Lithium in unipolar depression and
the prevention of suicide

Coppen A
MRC Neuropsychiatry Laboratory,
West Park Hospital,
Epsom, Surrey, UK.
J Clin Psychiatry 2000; 61 Suppl 9:52-6


Unipolar depression is a severe recurrent illness with high lifetime morbidity and premature mortality due to suicide. Numerous double-blind, placebo-controlled trials have shown that lithium is very effective at reducing relapses when given as maintenance therapy. It is also very effective when given as maintenance therapy after electroconvulsive therapy.
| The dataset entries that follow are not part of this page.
Lemma sqr_prod_box_width_le k (M : 'M[int]_(k, n)) : (forall j, row j M != 0) ->
  (\prod_j box_width (row j M)) ^+ 2 <=
  n%:R ^+ k * \prod_j gram (\row_i (N i)%:Z ^+ 2) M j j.
Proof.
move=> rowsM; have -> : n%:R ^+ k = \prod_(j < k) (n%:R : int) by rewrite prodr_const card_ord.
rewrite -prodrXl -big_split /=.
apply: ler_prod => j _; rewrite sqr_ge0 -gram_row.
exact: sqr_box_width_le.
Qed.

End AffineBoxMap.

Lemma gram_coweights_le (R : realFieldType) n (N : 'I_n -> nat) (b : 'cV[int]_n) :
  (forall i, (0 < N i)%N) ->
  (gram (coweights (\row_i (N i)%:Z ^+ 2)) b^T 0 0)%:~R <=
  n%:R * (\prod_i (N i)%:R * \big[Num.max/0]_i ((`|b i 0|)%:~R / (N i)%:R)) ^+ 2 :> R.
Proof.
move=> N_gt0; set P := \prod_i _; set mx := \big[_/_]_i _.
have -> : n%:R * (P * mx) ^+ 2 = \sum_(k < n) (P * mx) ^+ 2.
  by rewrite sumr_const card_ord mulr_natl.
rewrite gramE rmorph_sum /=; apply: ler_sum => k _.
have Nk_neq0 : (N k)%:R != 0 :> R by rewrite pnatr_eq0 -lt0n N_gt0.
have -> : ((coweights (\row_i (N i)%:Z ^+ 2)) 0 k * b^T 0 k * b^T 0 k)%:~R =
          (P * ((`|b k 0|)%:~R / (N k)%:R)) ^+ 2.
  rewrite /P (bigD1 k) //= !mxE !rmorphM rmorph_prod /=.
  under eq_bigr do rewrite mxE rmorphXn /= -pmulrn.
  rewrite prodrXl -mulrA -expr2 -[_%:~R ^+ 2]real_normK ?num_real // -intr_norm.
  by field.
have frac_le : 0 <= ((`|b k 0|)%:~R / (N k)%:R : R) <= mx.
  by apply/andP; split; [apply: divr_ge0; rewrite ?ler0z ?ler0n | exact: le_bigmax].
have P_gt0 : 0 < P by apply: prodr_gt0 => i _; rewrite ltr0n.
case/andP: frac_le => frac_ge0 frac_le.
rewrite ler_sqr ?nnegrE ?ler_pM2l // mulr_ge0 ?(ltW P_gt0) //.
exact: le_trans frac_le.
Qed.

Lemma box_constant_le k : (k.+1 ^ k.+1 * 2 ^ (k * k) <= (2 ^ (k * k + 2 * k)) ^ 2)%N.
Proof.
have pow_le : (k.+1 ^ k.+1 <= 2 ^ (k * k.+1))%N by rewrite expnM leq_exp2r // ltn_expl.
apply: leq_trans (leq_mul pow_le (leqnn _)) _.
by rewrite -expnD -expnM leq_pexp2l //; lia.
Qed.

Lemma prod_box_width_le k (N : 'I_k.+1 -> nat) (b : 'cV[int]_k.+1) (M : 'M[int]_(k, k.+1)) :
  let w := \row_i (N i)%:Z ^+ 2 in
  (forall i, (0 < N i)%N) -> (forall j, row j M != 0) ->
  \prod_j gram w M j j <= 2 ^+ (k * k) * gram (coweights w) b^T 0 0 ->
  \prod_j (box_width N (row j M))%:~R <= (2 ^ (k * k + 2 * k))%:R *
    (\prod_i (N i)%:R * \big[Num.max/0]_i ((`|b i 0|)%:~R / (N i)%:R)) :> rat.
Proof.
move=> w N_gt0 rowsM gram_le; have s_le := gram_coweights_le rat b N_gt0.
move: s_le; set X := _ * \big[_/_]_i _ => s_le.
set W := \prod_j box_width N (row j M).
have W_ge0 : 0 <= W by apply: prodr_ge0 => j _; exact: le_trans (box_width_ge1 N_gt0 _).
have X_ge0 : 0 <= X.
  rewrite mulr_ge0 ?prodr_ge0 // (le_trans _ (le_bigmax _ _ ord0)) //.
  by rewrite divr_ge0 ?ler0z ?ler0n.
have W_sq : W ^+ 2 <= k.+1%:R ^+ k * (2 ^+ (k * k) * gram (coweights w) b^T 0 0).
  apply: le_trans (sqr_prod_box_width_le N_gt0 rowsM) _.
  by rewrite ler_wpM2l ?exprn_ge0.
have CX_ge0 : 0 <= (2 ^ (k * k + 2 * k))%:R * X by rewrite mulr_ge0.
clearbody X.
rewrite -rmorph_prod -/W -ler_sqr ?nnegrE ?ler0z //.
apply: le_trans (_ : _ <= (k.+1 ^ k.+1 * 2 ^ (k * k))%:R * X ^+ 2) _; last first.
  by rewrite exprMn -natrX ler_wpM2r ?sqr_ge0 // ler_nat box_constant_le.
rewrite -rmorphXn; apply: le_trans (_ : _ <= (k.+1%:R ^+ k * (2 ^+ (k * k) *
  gram (coweights w) b^T 0 0))%:~R) _; first by rewrite ler_int.
rewrite !rmorphM !rmorphXn /= !rmorph_nat !natrX exprS.
have -> : k.+1%:R * k.+1%:R ^+ k * 2%:R ^+ (k * k) * X ^+ 2 =
          k.+1%:R ^+ k * (2 ^+ (k * k) * (k.+1%:R * X ^+ 2)) :> rat by ring.
by rewrite !ler_pM2l ?exprn_gt0.
Qed.

Lemma exists_multiple_between (R : archiFieldType) (P Y : R) : 0 < P -> 0 <= Y ->
  exists t : nat, (0 < t)%N /\ Y <= t%:R * P <= Y + P.
Proof.
move=> P_gt0 Y_ge0; have YP_ge0 : 0 <= Y / P := divr_ge0 Y_ge0 (ltW P_gt0).
exists (absz (Num.floor (Y / P) + 1)).
have fl_ge0 : 0 <= Num.floor (Y / P) by rewrite floor_ge0.
have tE : ((absz (Num.floor (Y / P) + 1))%:R : R) = (Num.floor (Y / P) + 1)%:~R.
  by rewrite natr_absz ger0_norm // addr_ge0.
split; first lia.
rewrite tE; apply/andP; split; first by rewrite -ler_pdivrMr // ltW // floorD1_gt.
by rewrite -ler_pdivlMr // mulrDl divff ?gt_eqF // intrD lerD2r floor_le.
Qed.

Lemma exists_box_sizes (R : archiFieldType) n (r : 'I_n.+1 -> int) (C X : R) :
  (forall j, 1 <= r j) -> 0 < X -> 1 <= C -> \prod_j (r j)%:~R <= C * X ->
  exists Ns : 'I_n.+1 -> nat,
    (forall j, r j <= (Ns j)%:Z) /\ X / 2 <= \prod_j (Ns j)%:R <= 2 * C * X.
Proof.
move=> r_ge1 X_gt0 C_ge1 prod_le.
have r_ge0 j : 0 <= r j by apply: le_trans (r_ge1 j).
have prod_gt0 : 0 < \prod_j (r j)%:~R :> R.
  by apply: prodr_gt0 => j _; rewrite ltr0z (lt_le_trans ltr01).
have [t [t_gt0 /andP [t_lo t_hi]]] :=
  exists_multiple_between prod_gt0 (divr_ge0 (ltW X_gt0) (ler0n _ 2)).
pose Ns j := if j == 0 then (t * absz (r j))%N else absz (r j).
have prodNs : \prod_j (Ns j)%:R = t%:R * \prod_j (r j)%:~R :> R.
  rewrite !big_ord_recl /Ns eqxx natrM mulrA natr_absz ger0_norm //; congr (_ * _).
  by apply: eq_bigr => j _; rewrite eq_sym (negbTE (neq_lift _ _)) natr_absz ger0_norm.
exists Ns; split.
  move=> j; rewrite /Ns; case: eqP => _; last by rewrite gez0_abs.
  by rewrite PoszM gez0_abs // ler_peMl // lez_nat.
rewrite prodNs t_lo /=; apply: le_trans t_hi _.
nra.
Qed.

Lemma box_scale_gt0 (R : realFieldType) n (N : 'I_n -> nat) (b : 'cV[int]_n) :
  (forall i, (0 < N i)%N) -> b != 0 ->
  0 < \prod_i (N i)%:R * \big[Num.max/0]_i ((`|b i 0|)%:~R / (N i)%:R) :> R.
Proof.
move=> N_gt0 /cV0Pn [i bi]; rewrite mulr_gt0 //.
  by apply: prodr_gt0 => l _; rewrite ltr0n.
by apply: lt_le_trans (le_bigmax _ _ i); rewrite divr_gt0 ?ltr0z ?normr_gt0 ?ltr0n.
Qed.

Unset Implicit Arguments.

Theorem lemma4p5 (d : nat) (N : 'I_d -> nat) (b : 'cV[int]_d) :
  (2 <= d)%N ->
  (forall i, (0 < N i)%N) ->
  b != 0 ->
  gcd_vec b = 1 ->
  (forall i, `|b i 0| <= (N i)%:Z) ->
  exists (M : 'M[int]_(d.-1, d)) (v : 'cV[int]_(d.-1)),
    (forall x1 x2 : 'cV[int]_d,
        M *m x1 + v = M *m x2 + v <-> exists k : int, x1 - x2 = k *: b) /\
    exists Ns : 'I_(d.-1) -> nat,
      (forall j, (0 < Ns j)%N) /\
      (forall j, exists i : 'I_d, (N i <= Ns j)%N) /\
      let mx : rat := \big[Num.max/0]_(i < d) ((`|b i 0|)%:~R / (N i)%:R) in
      (1 / 2) * (\prod_(i < d) ((N i)%:R : rat)) * mx <= \prod_(j < d.-1) ((Ns j)%:R : rat) /\
      \prod_(j < d.-1) ((Ns j)%:R : rat) <= (2 ^ (d * d))%:R * (\prod_(i < d) ((N i)%:R : rat)) * mx /\
      (forall x : 'cV[int]_d, in_box N x -> in_box Ns (M *m x + v)).
Proof.
case: d N b => [|[|k]] // N b _ N_gt0 b_neq0 gcd_b _.
have [M [kerM rowsM M_le]] := reduced_complement N_gt0 b_neq0 gcd_b.
have C_ge1 : 1 <= (2 ^ (k.+1 * k.+1 + 2 * k.+1))%:R :> rat by rewrite ler1n expn_gt0.
have [Ns [Ns_ge /andP [Ns_lo Ns_hi]]] :=
  exists_box_sizes (fun j => box_width_ge1 N_gt0 (row j M)) (box_scale_gt0 rat N_gt0 b_neq0)
    C_ge1 (prod_box_width_le N_gt0 rowsM M_le).
exists M, (\col_j box_offset N (row j M)); split.
  by move=> x1 x2; split=> [/affine_eq_kernel/kerM | /kerM/affine_eq_kernel].
exists Ns; split; [|split; [|split; [|split]]].
- move=> j; rewrite -ltz_nat; apply: lt_le_trans (Ns_ge j).
  exact: lt_le_trans ltr01 (box_width_ge1 N_gt0 _).
- move=> j; have [i Mji] := rV0Pn _ (rowsM j); exists i.
  by rewrite -lez_nat (le_trans (box_width_ge N_gt0 Mji)).
- by rewrite -mulrA mulrC mul1r.
- have -> : (k.+2 * k.+2 = (k.+1 * k.+1 + 2 * k.+1).+1)%N by lia.
  by rewrite expnS natrM -mulrA.
- by move=> x; apply: affine_box_map.
Qed.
It can be given once a day at night, and controlled trials have shown a 12-hour plasma lithium level between 0.5 and 0.7 mmol/L the most effective, with very slight side effects. Long-term studies of lithium maintenance therapy show a suicide rate of 1.3 suicides per 1000 patient years. This is much lower than comparative studies in long-term follow-up of untreated depression, which show about 5.5 suicides per 1000 patient years. Although it is neither feasible nor ethical to carry out double-blind studies on suicide reduction, the massive evidence showing a reduction in morbidity on lithium treatment suggests that systematic long-term lithium treatment of unipolar depression could considerably lower the suicide rate.